■ **Task objective**
How many lines of the entries below contain the string "Proof"? State the number alone.

──────── Data for the task

Lemma hook_KN_self_complementary (lam : seq nat) :
  sorted ltn lam -> all (fun x => 0 < x) lam -> lam != [::] ->
  self_complementary (largest lam) lam ->
  forall i, 0 < i ->
    hook (KN (S_of lam) (largest lam)) i 1 = hook (KN (S_of lam) (largest lam)) 1 i.
Proof.
move=> lam_sorted lam_pos lam_nil lam_sc.
have -> : KN (S_of lam) (largest lam) = pair_sum_rows (largest lam) (rev lam).
  rewrite KN_S_of // /pair_sum_rows map_rev; apply: congr1; apply/eq_in_map => x x_in.
  rewrite count_rev (count_notin_iota_self_complementary _ _ lam_sc) ?leq_largest //.
    exact: (sorted_uniq ltn_trans ltnn lam_sorted).
  by move=> y; apply: leq_largest.
apply: hook_col1_row1_self_conjugate.
  by apply: pair_sum_rows_pos; rewrite ?mem_rev ?all_rev ?largest_mem.
apply: pair_sum_rows_self_conjugate; first by rewrite rev_sorted.
by rewrite all_rev; apply/allP => x; apply: leq_largest.
Qed.

Lemma mem_missing (lam : seq nat) (x : nat) :
  (x \in missing lam) = (0 < x <= largest lam) && (x \notin lam).
Proof. by rewrite /missing mem_filter mem_iota add1n ltnS andbC. Qed.

Lemma unrefinableP (lam : seq nat) :
  reflect (forall a b, a != b -> a \in missing lam -> b \in missing lam -> a + b \notin lam)
          (~~ refinable lam).
Proof.
apply: (iffP hasPn) => [no_sum a b a_neq_b a_miss b_miss | no_sum a a_miss].
  by move/hasPn/(_ b b_miss): (no_sum a a_miss); rewrite a_neq_b.
apply/hasPn => b b_miss; have [// | a_neq_b] := eqVneq a b.
by rewrite no_sum.
Qed.

Section HalfMissingUnrefinable.

Variable lam : seq nat.
Hypotheses (lam_sorted : sorted ltn lam) (lam_pos : all (fun x => 0 < x) lam).
Hypotheses (lam_nil : lam != [::]) (lam_unref : ~~ refinable lam).
Hypothesis missing_half : size (missing lam) = (largest lam)./2.

Local Notation m := (largest lam).

Let m_in : m \in lam. Proof. exact: largest_mem. Qed.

────────────────

■ **Output for this task**
4